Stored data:
+++
(* Let $\mathbb{V}$ and $\mathbb{V}'$ be varieties with the same signature $\mathcal{F}$ and defining sets of identities $\Sigma\subseteq\Sigma'$ respectively, and suppose $\mathbb{V}$ is BIT speciale. Then any set of ideal terms determining ideals in $\mathbb{V}$ determines ideals in $\mathbb{V}'$ too.
   Context: BIT speciale: the algebraic theory of $\mathbb{V}$ contains a constant $0$ and, for some $n\ge1$, binary terms $\alpha_1,\dots,\alpha_n$ and an $(n+1)$-ary term $\theta$ such that $\alpha_i(x,x)=0$ and $\theta(\alpha_1(x,y),\dots,\alpha_n(x,y),y)=x$ are identities of $\mathbb{V}$. For a variety $\mathbb{W}$ with signature $\mathcal{F}$: an ideal term of $\mathbb{W}$ in the variables $y_1,\dots,y_p$ is a term $t(x_1,\dots,x_m,y_1,\dots,y_p)$ with $t(x_1,\dots,x_m,0,\dots,0)=0$ an identity of $\mathbb{W}$; a non-empty subset $H$ of a $\mathbb{W}$-algebra $A$ is an ideal if $t(a_1,\dots,a_m,b_1,\dots,b_p)\in H$ for every ideal term $t$, all $a_r\in A$, $b_s\in H$. A set $T$ of ideal terms determines ideals in $\mathbb{W}$ if for every $\mathbb{W}$-algebra $A$, a non-empty $H\subseteq A$ is an ideal iff every $t\in T$ takes values in $H$ whenever its $x$-variables are assigned elements of $A$ and its $y$-variables elements of $H$. *)

From mathcomp Require Import all_boot.
Set Implicit Arguments.
Unset Strict Implicit.
Unset Printing Implicit Defensive.

Record signature := Signature { op : Type; arity : op -> nat }.

Inductive term (F : signature) (V : Type) : Type :=
| Var : V -> term F V
| App : forall f : op F, ('I_(arity f) -> term F V) -> term F V.
Arguments Var {F V}.
Arguments App {F V}.

Record algebra (F : signature) := Algebra {
  carrier :> Type;
  interp : forall f : op F, ('I_(arity f) -> carrier) -> carrier }.

Fixpoint eval (F : signature) (A : algebra F) (V : Type) (v : V -> A)
  (t : term F V) : A :=
  match t with
  | Var x => v x
  | App f args => @interp F A f (fun i => eval v (args i))
  end.

Fixpoint subst (F : signature) (V W : Type) (s : V -> term F W)
  (t : term F V) : term F W :=
  match t with
  | Var x => s x
  | App f args => App f (fun i => subst s (args i))
  end.

Definition identities (F : signature) := term F nat -> term F nat -> Prop.

Definition model (F : signature) (Sigma : identities F) (A : algebra F) : Prop :=
  forall s t, Sigma s t -> forall v : nat -> A, eval v s = eval v t.

Definition holds (F : signature) (Sigma : identities F) (V : Type)
  (s t : term F V) : Prop :=
  forall A : algebra F, model Sigma A -> forall v : V -> A, eval v s = eval v t.

(* Constants of the algebraic theory: closed terms (no variables). *)
Definition cterm (F : signature) := term F Empty_set.
Definition const (F : signature) (V : Type) (c : cterm F) : term F V :=
  subst (fun e : Empty_set => match e with end) c.

(* BIT speciale, with the data (0, n, alpha_1..alpha_n, theta) explicit.
   alpha_i are binary terms in variables x = true, y = false;
   theta is (n+1)-ary in variables Some i (i < n) and None (last, = y). *)
Definition BIT_speciale_data (F : signature) (Sigma : identities F)
  (zero : cterm F) (n : nat) (alpha : 'I_n -> term F bool)
  (theta : term F (option 'I_n)) : Prop :=
  (1 <= n)%N /\
  (forall i, holds Sigma (subst (fun _ => Var tt) (alpha i)) (const unit zero)) /\
  holds Sigma
    (subst (fun o => match o with Some i => alpha i | None => Var false end) theta)
    (Var true).

Definition BIT_speciale (F : signature) (Sigma : identities F) : Prop :=
  exists zero n alpha theta, @BIT_speciale_data F Sigma zero n alpha theta.

(* Terms t(x_1,...,x_m, y_1,...,y_p): variables inl i are x's, inr j are y's. *)
Definition xyterm (F : signature) := term F (nat + nat).

Definition ideal_term (F : signature) (Sigma : identities F) (zero : cterm F)
  (t : xyterm F) : Prop :=
  holds Sigma
    (subst (fun v : nat + nat =>
       match v with inl i => Var i | inr _ => const nat zero end) t)
    (const nat zero).

Definition xyval (A : Type) (a b : nat -> A) (v : nat + nat) : A :=
  match v with inl i => a i | inr j => b j end.

Definition closed_under (F : signature) (A : algebra F) (H : A -> Prop)
  (t : xyterm F) : Prop :=
  forall a b : nat -> A, (forall j, H (b j)) -> H (eval (xyval a b) t).

Definition is_ideal (F : signature) (Sigma : identities F) (zero : cterm F)
  (A : algebra F) (H : A -> Prop) : Prop :=
  (exists a, H a) /\
  forall t, ideal_term Sigma zero t -> closed_under H t.

Definition determines_ideals (F : signature) (Sigma : identities F)
  (zero : cterm F) (T : xyterm F -> Prop) : Prop :=
  (forall t, T t -> ideal_term Sigma zero t) /\
  forall A : algebra F, model Sigma A ->
    forall H : A -> Prop, (exists a, H a) ->
      (is_ideal Sigma zero H <-> forall t, T t -> closed_under H t).

(** Let [A] satisfy [Sigma'], so also [Sigma], and let [H] be a [Sigma]-ideal
    of [A]; the converse inclusion of ideals is trivial.  For a
    [Sigma']-ideal term [t(x, y)], put [t0 := t(x, 0)] and
    [u := theta(alpha_1(t, t0), ..., alpha_n(t, t0), 0)].  Setting [y := 0]
    makes both arguments of each [alpha_i] equal, so [u] is already an ideal
    term of [Sigma]; on the other hand [t0 = 0] holds in [A], where therefore
    [u = theta(alpha(t, 0), 0) = t].  Hence [H] is closed under [t], so
    [Sigma]- and [Sigma']-ideals of [A] coincide, and a set of terms singling
    out the former singles out the latter. *)
From mathcomp Require Import all_boot.
From Stdlib Require Import FunctionalExtensionality.

Set Implicit Arguments.
Unset Strict Implicit.

Lemma eq_eval (F : signature) (A : algebra F) (V : Type) (v w : V -> A)
  (t : term F V) : (forall x, v x = w x) -> eval v t = eval w t.
Proof. by move=> vw; rewrite (functional_extensionality _ _ vw). Qed.

Lemma eval_subst (F : signature) (A : algebra F) (V W : Type) (v : W -> A)
  (s : V -> term F W) (t : term F V) :
  eval v (subst s t) = eval (fun x => eval v (s x)) t.
Proof.
elim: t => [x|f args IH] //=.
by congr (interp _); apply: functional_extensionality => i; apply: IH.
Qed.

Definition ceval (F : signature) (A : algebra F) (c : cterm F) : A :=
  eval (fun e : Empty_set => match e with end) c.

Lemma eval_const (F : signature) (A : algebra F) (V : Type) (v : V -> A)
  (c : cterm F) : eval v (const V c) = ceval A c.
Proof. by rewrite eval_subst; apply: eq_eval => -[]. Qed.

Section Weakening.

Variables (F : signature) (Sigma Sigma' : identities F).
Hypothesis Sigma_sub : forall s t, Sigma s t -> Sigma' s t.

Lemma model_sub (A : algebra F) : model Sigma' A -> model Sigma A.
Proof. by move=> modA s t /Sigma_sub; apply: modA. Qed.

Lemma holds_sub (V : Type) (s t : term F V) :
  holds Sigma s t -> holds Sigma' s t.
Proof. by move=> st A /model_sub; apply: st. Qed.

Lemma ideal_term_sub (zero : cterm F) (t : xyterm F) :
  ideal_term Sigma zero t -> ideal_term Sigma' zero t.
Proof. exact: holds_sub. Qed.

Lemma is_ideal_sup (zero : cterm F) (A : algebra F) (H : A -> Prop) :
  is_ideal Sigma' zero H -> is_ideal Sigma zero H.
Proof. by case=> neH closedH; split=> // t /ideal_term_sub; apply: closedH. Qed.

End Weakening.

Section IdealTerms.

Variables (F : signature) (zero : cterm F).

Definition zero_ys (t : xyterm F) : xyterm F :=
  subst (fun v => match v with
                  | inl i => Var (inl i)
                  | inr _ => const (nat + nat) zero end) t.

Lemma eval_zero_ys (A : algebra F) (a b : nat -> A) (t : xyterm F) :
  eval (xyval a b) (zero_ys t) = eval (xyval a (fun _ => ceval A zero)) t.
Proof. by rewrite eval_subst; apply: eq_eval => -[i|j] //=; rewrite eval_const. Qed.

Lemma ideal_termP (Sigma : identities F) (t : xyterm F) :
  ideal_term Sigma zero t <->
  forall A : algebra F, model Sigma A -> forall a : nat -> A,
    eval (xyval a (fun _ => ceval A zero)) t = ceval A zero.
Proof.
have eval_t0 (A : algebra F) (a : nat -> A) :
    eval a (subst (fun v => match v with
                   | inl i => Var i | inr _ => const nat zero end) t) =
    eval (xyval a (fun _ => ceval A zero)) t.
  by rewrite eval_subst; apply: eq_eval => -[i|j] //=; rewrite eval_const.
split=> [idt A modA a | idt A modA a].
  by rewrite -eval_t0 (idt A modA) eval_const.
by rewrite eval_t0 idt // eval_const.
Qed.

End IdealTerms.

Section BITSpeciale.

Variables (F : signature) (Sigma : identities F) (zero : cterm F) (n : nat).
Variables (alpha : 'I_n -> term F bool) (theta : term F (option 'I_n)).
Hypothesis HBIT : BIT_speciale_data Sigma zero alpha theta.

Definition bit_term : term F bool :=
  subst (fun o => match o with
                  | Some i => alpha i
                  | None => const bool zero end) theta.

Lemma eval_alpha_diag (A : algebra F) (c : A) i :
  model Sigma A -> eval (fun _ => c) (alpha i) = ceval A zero.
Proof.
case: HBIT => _ [alpha_diag _] modA.
by have := alpha_diag i A modA (fun _ => c); rewrite eval_subst eval_const.
Qed.

Lemma eval_theta_alpha (A : algebra F) (v : bool -> A) :
  model Sigma A ->
  eval (fun o => match o with
                 | Some i => eval v (alpha i)
                 | None => v false end) theta = v true.
Proof.
case: HBIT => _ [_ theta_alpha] modA.
have := theta_alpha A modA v; rewrite eval_subst /= => <-.
by apply: eq_eval => -[].
Qed.

Lemma eval_bit_term_zero (A : algebra F) (c : A) :
  model Sigma A ->
  eval (fun b : bool => if b then c else ceval A zero) bit_term = c.
Proof.
move=> modA; rewrite eval_subst.
rewrite -{2}(eval_theta_alpha (fun b : bool => if b then c else ceval A zero) modA).
by apply: eq_eval => -[i|] //=; rewrite eval_const.
Qed.

Lemma eval_bit_term_diag (A : algebra F) (c : A) :
  model Sigma A -> eval (fun _ => c) bit_term = ceval A zero.
Proof.
move=> modA.
have eval_bit_const (d : A) :
    eval (fun _ => d) bit_term = eval (fun _ => ceval A zero) theta.
  rewrite eval_subst; apply: eq_eval => -[i|] /=.
    exact: eval_alpha_diag.
  exact: eval_const.
rewrite eval_bit_const -(eval_bit_const (ceval A zero)).
rewrite -[RHS](eval_bit_term_zero (ceval A zero) modA).
by apply: eq_eval => -[].
Qed.

Definition bit_ideal_term (t : xyterm F) : xyterm F :=
  subst (fun b : bool => if b then t else zero_ys zero t) bit_term.

Lemma bit_ideal_termP (t : xyterm F) : ideal_term Sigma zero (bit_ideal_term t).
Proof.
apply/ideal_termP => A modA a.
set c := eval (xyval a (fun=> ceval A zero)) t.
rewrite eval_subst -[RHS](eval_bit_term_diag c modA).
by apply: eq_eval => -[] //; rewrite eval_zero_ys.
Qed.

Lemma eval_bit_ideal_term (A : algebra F) (a b : nat -> A) (t : xyterm F) :
  model Sigma A -> eval (xyval a b) (zero_ys zero t) = ceval A zero ->
  eval (xyval a b) (bit_ideal_term t) = eval (xyval a b) t.
Proof.
move=> modA t0_zero; rewrite eval_subst -[RHS](eval_bit_term_zero _ modA).
by apply: eq_eval => -[].
Qed.

Lemma is_ideal_sub (Sigma' : identities F)
    (Sigma_sub : forall s t, Sigma s t -> Sigma' s t)
    (A : algebra F) (H : A -> Prop) :
  model Sigma' A -> is_ideal Sigma zero H -> is_ideal Sigma' zero H.
Proof.
move=> modA [neH closedH]; split=> // t /ideal_termP t_zero a b Hb.
have t0_zero : eval (xyval a b) (zero_ys zero t) = ceval A zero.
  by rewrite eval_zero_ys t_zero.
rewrite -(eval_bit_ideal_term (model_sub Sigma_sub modA) t0_zero).
exact: closedH (bit_ideal_termP t) a b Hb.
Qed.

End BITSpeciale.

Theorem corollary2p10 (F : signature) (Sigma Sigma' : identities F)
  (Hsub : forall s t, Sigma s t -> Sigma' s t)
  (zero : cterm F) (n : nat) (alpha : 'I_n -> term F bool)
  (theta : term F (option 'I_n))
  (HBIT : BIT_speciale_data Sigma zero alpha theta)
  (T : xyterm F -> Prop) :
  determines_ideals Sigma zero T -> determines_ideals Sigma' zero T.
Proof.
case=> T_ideal T_determines; split=> [t /T_ideal | A modA H neH].
  exact: ideal_term_sub.
have modA_Sigma := model_sub Hsub modA.
split=> [/(is_ideal_sup Hsub) | closedT].
  exact: (T_determines A modA_Sigma H neH).1.
apply: (is_ideal_sub HBIT Hsub modA).
exact: (T_determines A modA_Sigma H neH).2.
Qed.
+++
▸ Task
Print again the lines of the entries above that fall between the line holding "alpha_i are binary" and the line holding "forall t, ideal_term", inclusive, exactly as they stand.

▸ Output
   alpha_i are binary terms in variables x = true, y = false;
   theta is (n+1)-ary in variables Some i (i < n) and None (last, = y). *)
Definition BIT_speciale_data (F : signature) (Sigma : identities F)
  (zero : cterm F) (n : nat) (alpha : 'I_n -> term F bool)
  (theta : term F (option 'I_n)) : Prop :=
  (1 <= n)%N /\
  (forall i, holds Sigma (subst (fun _ => Var tt) (alpha i)) (const unit zero)) /\
  holds Sigma
    (subst (fun o => match o with Some i => alpha i | None => Var false end) theta)
    (Var true).

Definition BIT_speciale (F : signature) (Sigma : identities F) : Prop :=
  exists zero n alpha theta, @BIT_speciale_data F Sigma zero n alpha theta.

(* Terms t(x_1,...,x_m, y_1,...,y_p): variables inl i are x's, inr j are y's. *)
Definition xyterm (F : signature) := term F (nat + nat).

Definition ideal_term (F : signature) (Sigma : identities F) (zero : cterm F)
  (t : xyterm F) : Prop :=
  holds Sigma
    (subst (fun v : nat + nat =>
       match v with inl i => Var i | inr _ => const nat zero end) t)
    (const nat zero).

Definition xyval (A : Type) (a b : nat -> A) (v : nat + nat) : A :=
  match v with inl i => a i | inr j => b j end.

Definition closed_under (F : signature) (A : algebra F) (H : A -> Prop)
  (t : xyterm F) : Prop :=
  forall a b : nat -> A, (forall j, H (b j)) -> H (eval (xyval a b) t).

Definition is_ideal (F : signature) (Sigma : identities F) (zero : cterm F)
  (A : algebra F) (H : A -> Prop) : Prop :=
  (exists a, H a) /\
  forall t, ideal_term Sigma zero t -> closed_under H t.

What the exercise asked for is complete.